Metadata-Version: 2.1
Name: jax-dataclasses
Version: 1.2.0
Summary: Dataclasses + JAX
Home-page: http://github.com/brentyi/jax_dataclasses
Author: brentyi
Author-email: brentyi@berkeley.edu
License: MIT
Platform: UNKNOWN
Classifier: Programming Language :: Python :: 3.7
Classifier: Programming Language :: Python :: 3.8
Classifier: Programming Language :: Python :: 3.9
Classifier: License :: OSI Approved :: MIT License
Classifier: Operating System :: OS Independent
Requires-Python: >=3.7
Description-Content-Type: text/markdown
Provides-Extra: testing
License-File: LICENSE

## jax_dataclasses

![build](https://github.com/brentyi/jax_dataclasses/workflows/build/badge.svg)
![mypy](https://github.com/brentyi/jax_dataclasses/workflows/mypy/badge.svg?branch=main)
![lint](https://github.com/brentyi/jax_dataclasses/workflows/lint/badge.svg)
[![codecov](https://codecov.io/gh/brentyi/jax_dataclasses/branch/main/graph/badge.svg?token=fFSx7CeKlW)](https://codecov.io/gh/brentyi/jax_dataclasses)

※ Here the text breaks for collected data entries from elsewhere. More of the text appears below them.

Lemma LC_window_size (L : labeling) (M v n : nat) :
  (length (filter (LC_window L M v) (seq 0 n)) <= M)%nat.
Proof.
  rewrite <- (length_seq M 0) at 2. rewrite <- (length_map (LC_iter L v) (seq 0 M)).
  apply NoDup_incl_length; [apply NoDup_filter, seq_NoDup |].
  intros i i_in. apply filter_In in i_in as [_ in_window].
  apply existsb_exists in in_window as [j [j_in at_j]]. apply Nat.eqb_eq in at_j.
  apply in_map_iff. now exists j.
Qed.

Lemma is_wp_lt (w : list bool) (y : nat) : is_wp w y = true -> (y < length w)%nat.
Proof.
  unfold is_wp; intros wp. destruct (Nat.lt_ge_cases y (length w)) as [lt | ge]; auto.
  rewrite nth_overflow in wp by exact ge. discriminate.
Qed.

Lemma waypoints_in_set (h : nat -> bool) (w : list bool) (S : list nat) :
  NoDup S -> (forall y, In y S -> h y = true) ->
  (length (filter (is_wp w) S) <= wp_count h w)%nat.
Proof.
  intros nodup in_set. unfold wp_count. apply NoDup_incl_length; [now apply NoDup_filter |].
  intros y y_in. apply filter_In in y_in as [y_in wp]. apply filter_In. split.
  - apply in_seq. pose proof (is_wp_lt w y wp). lia.
  - now rewrite in_set, wp.
Qed.

Lemma crowded_segment_window (G : graph) (L : labeling) (k M : nat) (c : R)
    (w : list bool) (S : list nat) :
  length w = gn G -> 0 <= c * ln (INR (gn G)) ->
  short_segment G L k S -> (length S <= M)%nat -> crowded c (gn G) w S ->
  exists v, (v < gn G)%nat /\
    INR (wp_count (LC_window L M v) w) > 8 * c * ln (INR (gn G)).
Proof.
  intros w_len t_nonneg (nonempty & nodup & (l & _ & _ & same_level) & edges & _)
    short crowd.
  destruct S as [|v s]; [congruence |].
  pose proof (same_level_edges_are_LC G L k l _ same_level edges) as path.
  pose proof (waypoints_in_set (LC_window L M v) w _ nodup
                (LC_path_in_window L M v s path short)) as counted.
  apply le_INR in counted. unfold crowded in crowd.
  exists v. split; [| lra].
  destruct s as [|u s].
  - destruct (is_wp w v) eqn:wp; [rewrite <- w_len; now apply is_wp_lt |].
    simpl in crowd. rewrite wp in crowd. simpl in crowd. lra.
  - destruct edges as [(_ & v_lt & _) _]. exact v_lt.
Qed.

Lemma nat_between (x : R) : 0 <= x -> exists M : nat, x <= INR M <= x + 1.
Proof.
  intros x_nonneg. destruct (archimed x) as [above within].
  exists (Z.to_nat (up x)). rewrite INR_IZR_INZ, Z2Nat.id; [lra |].
  apply le_IZR. lra.
Qed.

(* The final estimate n exp(a) / 2^(8 c log n) <= e / n when a <= 4 c log n + 1;
   the exponent of n is 1 + 4c - 8c ln 2 <= 1 - 4c/3 <= -1. *)
Lemma final_tail_estimate (nr c a : R) :
  1 <= nr -> 3 / 2 <= c -> a <= 4 * c * ln nr + 1 ->
  nr * (exp a / exp (8 * c * ln nr * ln 2)) <= exp 1 / nr.
Proof.
  intros nr_ge c_ge a_le.
  assert (log_nonneg : 0 <= ln nr).
  { destruct nr_ge as [gt | <-]; [| rewrite ln_1; lra].
    rewrite <- ln_1. left. apply ln_increasing; lra. }
  set (log_n := ln nr) in *.
  assert (nr_eq : nr = exp log_n) by (unfold log_n; rewrite exp_ln; lra).
  assert (c_log_large : 3 / 2 * log_n <= c * log_n) by (apply Rmult_le_compat_r; lra).
  assert (ln2_large : c * log_n * (2 / 3) <= c * log_n * ln 2)
    by (apply Rmult_le_compat_l; [nra | exact ln2_ge_2_3]).
  rewrite nr_eq. unfold Rdiv. rewrite <- !exp_Ropp, <- Rmult_assoc, <- !exp_plus.
  apply exp_le. lra.
Qed.

Theorem mainTheorem8 :
  forall (c : R) (k D : nat), 3 / 2 <= c -> (1 <= k)%nat ->
  exists C : R, 0 < C /\
  forall (G : graph) (L : labeling),
    simple_graph G -> max_degree_le G D -> colored_tree_labeling G L ->
    (1 <= gn G)%nat ->
    let n := gn G in
    let p := c * ln (INR n) / Rpower (INR n) (1 / INR k) in
    p <= 1 ->
    Pr n p (fun w => exists S, short_segment G L k S /\ crowded c n w S)
      <= C / INR n.
Proof.
  intros c k D c_ge _. exists (exp 1). split; [apply exp_pos |].
  intros G L _ _ _ n_pos n p p_le1.
  set (x := Rpower (INR n) (1 / INR k)) in p.
  set (t := 8 * c * ln (INR n)).
  assert (n_ge1 : 1 <= INR n) by (apply (le_INR 1); exact n_pos).
  assert (log_nonneg : 0 <= ln (INR n)).
  { destruct n_ge1 as [gt | eq]; [| rewrite <- eq, ln_1; lra].
    rewrite <- ln_1. left. apply ln_increasing; lra. }
  assert (x_pos : 0 < x) by (unfold x, Rpower; apply exp_pos).
  assert (p_nonneg : 0 <= p) by (unfold p, Rdiv; apply Rmult_le_pos;
    [nra | left; now apply Rinv_0_lt_compat]).
  destruct (nat_between (4 * x)) as [M [M_lo M_hi]]; [lra |].
  assert (pM_le : p * INR M <= 4 * c * ln (INR n) + 1).
  { assert (p * x = c * ln (INR n)) by (unfold p; field; lra). nra. }
  apply Rle_trans with
    (sumL (fun v => Pr n p (fun w => INR (wp_count (LC_window L M v) w) > t)) (seq 0 n)).
  { apply union_bound; [lra |]. intros w w_in [S [segment crowd]].
    apply (crowded_segment_window G L k M c w S); auto.
    - now apply assignments_length.
    - apply Rmult_le_pos; [lra | exact log_nonneg].
    - apply INR_le. destruct segment as (_ & _ & _ & _ & short).
      change (Rpower (INR (gn G)) (1 / INR k)) with x in short. lra. }
  apply Rle_trans with (INR n * (exp (p * INR M) / exp (t * ln 2))).
  { rewrite <- (length_seq n 0) at 2. apply sumL_bound. intros v _.
    eapply Rle_trans; [apply exp_markov; lra |].
    apply Rmult_le_compat_r; [left; apply Rinv_0_lt_compat, exp_pos |].
    eapply Rle_trans; [apply wp_moment; lra |].
    apply exp_le, Rmult_le_compat_l; [lra |]. apply le_INR, LC_window_size. }
  now apply final_tail_estimate.
Qed.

<!-- vim-markdown-toc GFM -->

* [Overview](#overview)
* [Installation](#installation)
* [Core interface](#core-interface)
* [Mutations](#mutations)
* [Shape and data-type annotations](#shape-and-data-type-annotations)
* [Alternatives](#alternatives)
* [Misc](#misc)

<!-- vim-markdown-toc -->

### Overview

`jax_dataclasses` provides a wrapper around `dataclasses.dataclass` for use in
JAX, which enables automatic support for:

- [Pytree](https://jax.readthedocs.io/en/latest/pytrees.html) registration. This
  allows dataclasses to be used at API boundaries in JAX. (necessary for
  function transformations, JIT, etc)
- Serialization via `flax.serialization`.
- Static analysis with tools like `mypy`, `jedi`, `pyright`, etc. (including for
  constructors)
- Optional shape and data-type annotations, which are checked at runtime.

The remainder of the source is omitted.